▶ [Task] Comb through the entries for "Require" and pull out each line that holds it.

▶ [Records for this task]
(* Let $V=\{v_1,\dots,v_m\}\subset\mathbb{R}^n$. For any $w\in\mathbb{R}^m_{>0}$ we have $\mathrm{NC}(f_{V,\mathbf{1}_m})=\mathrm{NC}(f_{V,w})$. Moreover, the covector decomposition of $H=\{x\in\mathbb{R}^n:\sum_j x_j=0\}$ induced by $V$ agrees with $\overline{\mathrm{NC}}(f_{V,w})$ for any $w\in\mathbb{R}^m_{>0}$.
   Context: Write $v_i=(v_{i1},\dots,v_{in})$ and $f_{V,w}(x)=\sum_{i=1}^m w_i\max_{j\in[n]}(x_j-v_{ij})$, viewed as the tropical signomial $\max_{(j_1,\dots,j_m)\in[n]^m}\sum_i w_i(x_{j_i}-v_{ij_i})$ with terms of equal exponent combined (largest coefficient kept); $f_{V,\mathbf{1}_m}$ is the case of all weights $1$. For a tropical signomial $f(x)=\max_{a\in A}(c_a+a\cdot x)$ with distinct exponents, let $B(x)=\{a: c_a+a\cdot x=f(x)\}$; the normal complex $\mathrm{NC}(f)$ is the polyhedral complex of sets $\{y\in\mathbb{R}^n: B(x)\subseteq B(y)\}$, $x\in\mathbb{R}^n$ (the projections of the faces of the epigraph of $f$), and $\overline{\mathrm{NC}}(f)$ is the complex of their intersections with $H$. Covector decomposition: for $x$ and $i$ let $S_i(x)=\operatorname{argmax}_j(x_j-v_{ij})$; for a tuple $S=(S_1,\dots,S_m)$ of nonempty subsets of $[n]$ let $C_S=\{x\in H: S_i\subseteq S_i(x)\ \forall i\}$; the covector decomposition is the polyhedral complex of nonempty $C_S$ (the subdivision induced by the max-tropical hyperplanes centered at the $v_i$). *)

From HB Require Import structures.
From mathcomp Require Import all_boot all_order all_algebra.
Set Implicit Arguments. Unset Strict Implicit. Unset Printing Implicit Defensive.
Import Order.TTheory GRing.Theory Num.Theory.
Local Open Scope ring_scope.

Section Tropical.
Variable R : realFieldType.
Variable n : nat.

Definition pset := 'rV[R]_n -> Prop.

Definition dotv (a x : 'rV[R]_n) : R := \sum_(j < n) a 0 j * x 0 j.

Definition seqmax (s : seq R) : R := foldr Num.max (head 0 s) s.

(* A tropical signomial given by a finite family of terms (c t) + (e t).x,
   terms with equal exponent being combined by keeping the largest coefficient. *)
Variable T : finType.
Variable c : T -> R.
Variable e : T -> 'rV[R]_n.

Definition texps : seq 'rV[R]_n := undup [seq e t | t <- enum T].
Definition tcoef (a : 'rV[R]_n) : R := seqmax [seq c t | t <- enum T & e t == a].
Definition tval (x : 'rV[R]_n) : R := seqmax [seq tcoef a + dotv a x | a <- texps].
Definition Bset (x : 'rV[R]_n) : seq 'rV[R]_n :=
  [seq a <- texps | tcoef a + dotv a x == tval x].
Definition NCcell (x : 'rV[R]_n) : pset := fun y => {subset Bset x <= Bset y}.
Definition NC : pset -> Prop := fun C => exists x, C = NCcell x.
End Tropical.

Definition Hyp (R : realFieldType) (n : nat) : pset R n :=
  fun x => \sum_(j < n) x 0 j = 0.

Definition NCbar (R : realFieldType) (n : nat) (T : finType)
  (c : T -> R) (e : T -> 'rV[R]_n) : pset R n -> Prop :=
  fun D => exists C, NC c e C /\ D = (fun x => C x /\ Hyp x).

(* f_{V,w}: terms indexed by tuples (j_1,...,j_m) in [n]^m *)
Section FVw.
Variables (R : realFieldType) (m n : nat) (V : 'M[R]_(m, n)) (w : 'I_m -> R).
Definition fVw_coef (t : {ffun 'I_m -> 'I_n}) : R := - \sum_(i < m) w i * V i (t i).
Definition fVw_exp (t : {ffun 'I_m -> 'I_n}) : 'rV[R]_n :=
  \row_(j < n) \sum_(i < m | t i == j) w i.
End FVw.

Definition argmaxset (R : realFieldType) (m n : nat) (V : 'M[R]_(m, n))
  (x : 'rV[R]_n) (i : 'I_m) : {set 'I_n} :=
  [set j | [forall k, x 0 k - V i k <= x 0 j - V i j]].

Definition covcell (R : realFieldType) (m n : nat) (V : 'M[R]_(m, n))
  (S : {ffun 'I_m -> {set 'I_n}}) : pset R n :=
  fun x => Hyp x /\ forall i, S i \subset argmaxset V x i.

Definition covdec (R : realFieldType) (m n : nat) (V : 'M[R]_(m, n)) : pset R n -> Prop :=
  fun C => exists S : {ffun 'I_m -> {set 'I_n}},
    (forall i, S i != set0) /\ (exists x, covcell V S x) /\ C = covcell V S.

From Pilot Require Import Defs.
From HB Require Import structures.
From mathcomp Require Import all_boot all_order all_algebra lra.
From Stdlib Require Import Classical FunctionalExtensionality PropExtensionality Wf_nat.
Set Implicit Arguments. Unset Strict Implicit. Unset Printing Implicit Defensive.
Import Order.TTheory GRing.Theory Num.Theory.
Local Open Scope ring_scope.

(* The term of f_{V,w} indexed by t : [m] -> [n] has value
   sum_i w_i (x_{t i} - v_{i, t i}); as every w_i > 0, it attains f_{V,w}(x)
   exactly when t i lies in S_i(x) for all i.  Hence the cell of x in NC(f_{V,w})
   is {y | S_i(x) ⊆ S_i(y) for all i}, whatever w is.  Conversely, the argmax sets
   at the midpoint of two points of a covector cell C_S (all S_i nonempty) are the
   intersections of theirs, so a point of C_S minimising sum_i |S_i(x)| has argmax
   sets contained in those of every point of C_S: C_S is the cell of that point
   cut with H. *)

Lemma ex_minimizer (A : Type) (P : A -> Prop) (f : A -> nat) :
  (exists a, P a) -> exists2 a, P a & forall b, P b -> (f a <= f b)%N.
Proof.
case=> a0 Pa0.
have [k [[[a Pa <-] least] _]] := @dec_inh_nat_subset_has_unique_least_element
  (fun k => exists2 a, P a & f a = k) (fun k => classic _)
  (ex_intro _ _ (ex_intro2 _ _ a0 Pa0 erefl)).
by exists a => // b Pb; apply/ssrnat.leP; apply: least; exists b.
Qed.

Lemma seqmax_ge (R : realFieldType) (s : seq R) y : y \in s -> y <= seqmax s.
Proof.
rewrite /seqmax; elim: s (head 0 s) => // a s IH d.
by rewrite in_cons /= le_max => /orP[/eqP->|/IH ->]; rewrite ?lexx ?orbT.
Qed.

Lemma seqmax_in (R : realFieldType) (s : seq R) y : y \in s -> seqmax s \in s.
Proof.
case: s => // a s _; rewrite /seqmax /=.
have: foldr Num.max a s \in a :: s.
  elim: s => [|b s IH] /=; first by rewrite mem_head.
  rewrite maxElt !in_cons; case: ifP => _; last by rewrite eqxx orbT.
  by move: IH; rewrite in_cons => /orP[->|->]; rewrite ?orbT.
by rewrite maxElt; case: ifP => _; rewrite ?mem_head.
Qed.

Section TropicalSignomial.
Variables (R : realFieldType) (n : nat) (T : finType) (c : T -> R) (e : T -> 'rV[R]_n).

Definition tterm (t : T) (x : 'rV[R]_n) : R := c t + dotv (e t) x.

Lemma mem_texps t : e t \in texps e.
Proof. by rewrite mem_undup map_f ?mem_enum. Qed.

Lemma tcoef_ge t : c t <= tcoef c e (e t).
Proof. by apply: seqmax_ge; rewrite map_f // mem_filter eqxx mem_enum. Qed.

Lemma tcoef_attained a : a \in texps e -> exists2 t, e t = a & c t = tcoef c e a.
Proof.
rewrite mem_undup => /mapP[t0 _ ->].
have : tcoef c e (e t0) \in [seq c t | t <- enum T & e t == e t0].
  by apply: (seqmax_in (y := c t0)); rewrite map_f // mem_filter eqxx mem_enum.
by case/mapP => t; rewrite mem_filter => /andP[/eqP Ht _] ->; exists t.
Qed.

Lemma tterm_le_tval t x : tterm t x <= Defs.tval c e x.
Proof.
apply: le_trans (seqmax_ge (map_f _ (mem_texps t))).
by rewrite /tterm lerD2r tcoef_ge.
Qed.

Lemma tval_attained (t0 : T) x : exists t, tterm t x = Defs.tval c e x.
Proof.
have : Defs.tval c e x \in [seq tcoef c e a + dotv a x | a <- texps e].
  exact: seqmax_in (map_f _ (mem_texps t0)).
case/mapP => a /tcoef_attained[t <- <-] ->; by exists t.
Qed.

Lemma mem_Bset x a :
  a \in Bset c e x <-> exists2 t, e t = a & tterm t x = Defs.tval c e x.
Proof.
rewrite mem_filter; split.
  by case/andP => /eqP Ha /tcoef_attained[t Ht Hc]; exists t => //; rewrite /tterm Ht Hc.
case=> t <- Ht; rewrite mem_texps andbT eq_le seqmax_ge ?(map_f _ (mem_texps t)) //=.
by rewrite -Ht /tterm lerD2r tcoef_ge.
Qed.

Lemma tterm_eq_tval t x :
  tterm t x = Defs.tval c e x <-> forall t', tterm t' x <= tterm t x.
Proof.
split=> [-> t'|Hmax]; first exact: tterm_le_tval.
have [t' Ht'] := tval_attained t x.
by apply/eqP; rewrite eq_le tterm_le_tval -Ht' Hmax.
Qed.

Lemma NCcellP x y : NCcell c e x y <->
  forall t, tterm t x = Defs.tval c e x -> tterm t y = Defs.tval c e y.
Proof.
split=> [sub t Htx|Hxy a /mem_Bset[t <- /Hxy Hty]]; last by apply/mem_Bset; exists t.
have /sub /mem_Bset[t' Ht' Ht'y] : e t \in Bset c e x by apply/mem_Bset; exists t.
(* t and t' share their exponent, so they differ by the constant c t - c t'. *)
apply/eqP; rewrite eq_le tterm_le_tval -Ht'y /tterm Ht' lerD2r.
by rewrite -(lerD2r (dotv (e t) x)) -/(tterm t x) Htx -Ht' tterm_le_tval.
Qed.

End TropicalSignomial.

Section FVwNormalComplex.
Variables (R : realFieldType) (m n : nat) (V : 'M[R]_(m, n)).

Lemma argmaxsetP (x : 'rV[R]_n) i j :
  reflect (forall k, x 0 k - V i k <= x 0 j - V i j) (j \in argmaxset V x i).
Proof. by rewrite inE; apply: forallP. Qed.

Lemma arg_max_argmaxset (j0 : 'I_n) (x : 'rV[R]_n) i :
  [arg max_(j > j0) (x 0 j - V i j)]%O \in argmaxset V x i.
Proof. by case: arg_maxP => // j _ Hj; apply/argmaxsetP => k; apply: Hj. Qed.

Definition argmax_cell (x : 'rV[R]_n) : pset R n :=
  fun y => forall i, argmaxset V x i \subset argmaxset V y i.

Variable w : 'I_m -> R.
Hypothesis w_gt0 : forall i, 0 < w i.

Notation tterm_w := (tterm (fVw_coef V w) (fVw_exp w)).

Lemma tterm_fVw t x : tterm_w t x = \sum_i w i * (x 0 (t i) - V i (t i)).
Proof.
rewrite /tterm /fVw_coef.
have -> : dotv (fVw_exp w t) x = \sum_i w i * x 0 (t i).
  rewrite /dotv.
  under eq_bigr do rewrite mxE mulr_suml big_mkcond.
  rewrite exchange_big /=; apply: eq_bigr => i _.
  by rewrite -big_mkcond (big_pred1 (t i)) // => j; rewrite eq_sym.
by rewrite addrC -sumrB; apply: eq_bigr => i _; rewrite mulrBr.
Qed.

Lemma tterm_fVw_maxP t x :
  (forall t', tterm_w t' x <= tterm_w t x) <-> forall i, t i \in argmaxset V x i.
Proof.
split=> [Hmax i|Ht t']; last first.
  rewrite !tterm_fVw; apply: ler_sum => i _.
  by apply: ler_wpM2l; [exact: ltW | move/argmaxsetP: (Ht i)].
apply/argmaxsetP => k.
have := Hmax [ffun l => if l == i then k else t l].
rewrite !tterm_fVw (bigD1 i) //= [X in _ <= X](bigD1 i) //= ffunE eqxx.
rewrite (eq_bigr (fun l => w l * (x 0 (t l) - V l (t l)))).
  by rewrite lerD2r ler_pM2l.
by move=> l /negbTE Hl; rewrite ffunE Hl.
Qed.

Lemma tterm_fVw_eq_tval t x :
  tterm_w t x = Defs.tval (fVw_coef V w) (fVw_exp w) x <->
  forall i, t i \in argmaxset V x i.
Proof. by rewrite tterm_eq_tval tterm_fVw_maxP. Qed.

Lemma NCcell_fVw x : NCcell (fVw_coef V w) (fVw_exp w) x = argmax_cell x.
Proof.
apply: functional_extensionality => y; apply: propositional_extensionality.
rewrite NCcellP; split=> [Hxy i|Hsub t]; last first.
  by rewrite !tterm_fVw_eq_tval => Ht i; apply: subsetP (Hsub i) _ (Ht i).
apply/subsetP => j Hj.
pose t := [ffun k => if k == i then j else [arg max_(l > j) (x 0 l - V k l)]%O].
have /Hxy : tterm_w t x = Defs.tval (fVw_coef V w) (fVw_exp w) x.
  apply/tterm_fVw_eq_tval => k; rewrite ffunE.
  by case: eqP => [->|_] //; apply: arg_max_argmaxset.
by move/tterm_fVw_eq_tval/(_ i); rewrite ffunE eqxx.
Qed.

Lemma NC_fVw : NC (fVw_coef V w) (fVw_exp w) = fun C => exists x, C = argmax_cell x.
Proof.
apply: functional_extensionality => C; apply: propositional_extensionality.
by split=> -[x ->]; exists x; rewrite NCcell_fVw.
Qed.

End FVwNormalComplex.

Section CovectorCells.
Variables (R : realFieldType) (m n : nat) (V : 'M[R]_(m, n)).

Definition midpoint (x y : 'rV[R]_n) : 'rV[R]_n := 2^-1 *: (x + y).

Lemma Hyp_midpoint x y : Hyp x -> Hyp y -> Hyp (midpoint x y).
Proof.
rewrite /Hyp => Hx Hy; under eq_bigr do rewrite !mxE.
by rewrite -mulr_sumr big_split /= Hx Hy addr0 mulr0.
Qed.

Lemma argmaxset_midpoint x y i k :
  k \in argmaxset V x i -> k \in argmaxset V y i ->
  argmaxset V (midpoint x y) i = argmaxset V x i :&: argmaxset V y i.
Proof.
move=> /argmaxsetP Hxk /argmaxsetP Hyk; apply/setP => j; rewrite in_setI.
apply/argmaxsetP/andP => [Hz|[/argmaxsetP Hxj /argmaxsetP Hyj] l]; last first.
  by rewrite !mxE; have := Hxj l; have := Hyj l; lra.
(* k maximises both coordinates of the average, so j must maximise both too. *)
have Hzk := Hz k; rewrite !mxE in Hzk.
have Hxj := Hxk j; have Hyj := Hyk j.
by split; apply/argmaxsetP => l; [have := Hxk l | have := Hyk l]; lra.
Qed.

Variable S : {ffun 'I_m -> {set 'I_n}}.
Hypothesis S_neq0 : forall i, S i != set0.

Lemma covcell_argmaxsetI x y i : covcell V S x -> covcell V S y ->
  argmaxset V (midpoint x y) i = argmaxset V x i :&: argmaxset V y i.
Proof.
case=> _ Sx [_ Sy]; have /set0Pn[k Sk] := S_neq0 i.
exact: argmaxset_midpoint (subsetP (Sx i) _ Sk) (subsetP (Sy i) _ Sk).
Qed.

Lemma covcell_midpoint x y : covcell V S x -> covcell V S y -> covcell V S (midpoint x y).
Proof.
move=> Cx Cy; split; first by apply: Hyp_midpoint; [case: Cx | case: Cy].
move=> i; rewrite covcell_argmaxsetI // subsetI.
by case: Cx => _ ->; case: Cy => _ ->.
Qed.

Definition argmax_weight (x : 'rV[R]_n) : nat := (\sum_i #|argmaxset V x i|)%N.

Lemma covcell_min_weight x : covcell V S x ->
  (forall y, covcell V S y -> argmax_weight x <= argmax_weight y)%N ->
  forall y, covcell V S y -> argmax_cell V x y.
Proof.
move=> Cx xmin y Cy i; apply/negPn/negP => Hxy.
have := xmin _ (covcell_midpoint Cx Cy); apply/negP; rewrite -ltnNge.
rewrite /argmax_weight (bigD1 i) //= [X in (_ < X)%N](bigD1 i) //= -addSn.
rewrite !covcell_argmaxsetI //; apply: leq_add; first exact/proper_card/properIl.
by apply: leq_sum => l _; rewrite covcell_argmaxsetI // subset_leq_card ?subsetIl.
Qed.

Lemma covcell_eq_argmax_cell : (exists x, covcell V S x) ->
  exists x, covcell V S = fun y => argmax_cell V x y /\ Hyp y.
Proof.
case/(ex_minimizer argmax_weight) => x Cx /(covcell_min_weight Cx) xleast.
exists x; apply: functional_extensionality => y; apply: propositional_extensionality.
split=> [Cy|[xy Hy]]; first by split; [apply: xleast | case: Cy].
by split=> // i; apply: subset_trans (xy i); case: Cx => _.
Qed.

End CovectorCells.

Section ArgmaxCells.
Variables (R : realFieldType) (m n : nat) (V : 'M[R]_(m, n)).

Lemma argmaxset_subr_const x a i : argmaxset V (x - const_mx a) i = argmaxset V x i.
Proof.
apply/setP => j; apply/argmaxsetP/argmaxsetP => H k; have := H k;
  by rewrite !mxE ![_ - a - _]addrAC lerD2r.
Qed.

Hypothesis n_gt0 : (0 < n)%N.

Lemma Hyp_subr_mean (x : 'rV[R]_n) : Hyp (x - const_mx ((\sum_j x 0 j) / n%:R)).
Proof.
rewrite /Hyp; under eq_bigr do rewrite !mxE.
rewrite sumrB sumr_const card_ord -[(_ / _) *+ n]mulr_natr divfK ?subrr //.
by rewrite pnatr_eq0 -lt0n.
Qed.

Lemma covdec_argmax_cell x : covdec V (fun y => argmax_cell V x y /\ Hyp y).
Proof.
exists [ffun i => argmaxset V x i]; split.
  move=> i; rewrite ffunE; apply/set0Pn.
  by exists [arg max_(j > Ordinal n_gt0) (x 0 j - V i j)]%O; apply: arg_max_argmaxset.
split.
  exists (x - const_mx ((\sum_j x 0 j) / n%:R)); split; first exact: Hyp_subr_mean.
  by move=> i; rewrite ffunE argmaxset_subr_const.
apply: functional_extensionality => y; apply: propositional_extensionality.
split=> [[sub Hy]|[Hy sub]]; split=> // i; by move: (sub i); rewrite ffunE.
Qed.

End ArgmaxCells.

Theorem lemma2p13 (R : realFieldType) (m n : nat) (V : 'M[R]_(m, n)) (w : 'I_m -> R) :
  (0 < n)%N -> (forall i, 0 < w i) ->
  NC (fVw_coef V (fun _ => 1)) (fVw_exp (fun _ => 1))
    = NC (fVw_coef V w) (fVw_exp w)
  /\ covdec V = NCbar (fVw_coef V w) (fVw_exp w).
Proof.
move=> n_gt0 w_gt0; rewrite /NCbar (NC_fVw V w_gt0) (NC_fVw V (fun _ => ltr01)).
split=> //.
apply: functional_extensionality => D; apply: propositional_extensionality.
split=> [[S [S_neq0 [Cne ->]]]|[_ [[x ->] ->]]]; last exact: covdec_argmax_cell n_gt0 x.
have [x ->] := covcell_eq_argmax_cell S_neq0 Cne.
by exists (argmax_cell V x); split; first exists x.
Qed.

▶ [Reply]
From HB Require Import structures.
From mathcomp Require Import all_boot all_order all_algebra.
From Pilot Require Import Defs.
From HB Require Import structures.
From mathcomp Require Import all_boot all_order all_algebra lra.
From Stdlib Require Import Classical FunctionalExtensionality PropExtensionality Wf_nat.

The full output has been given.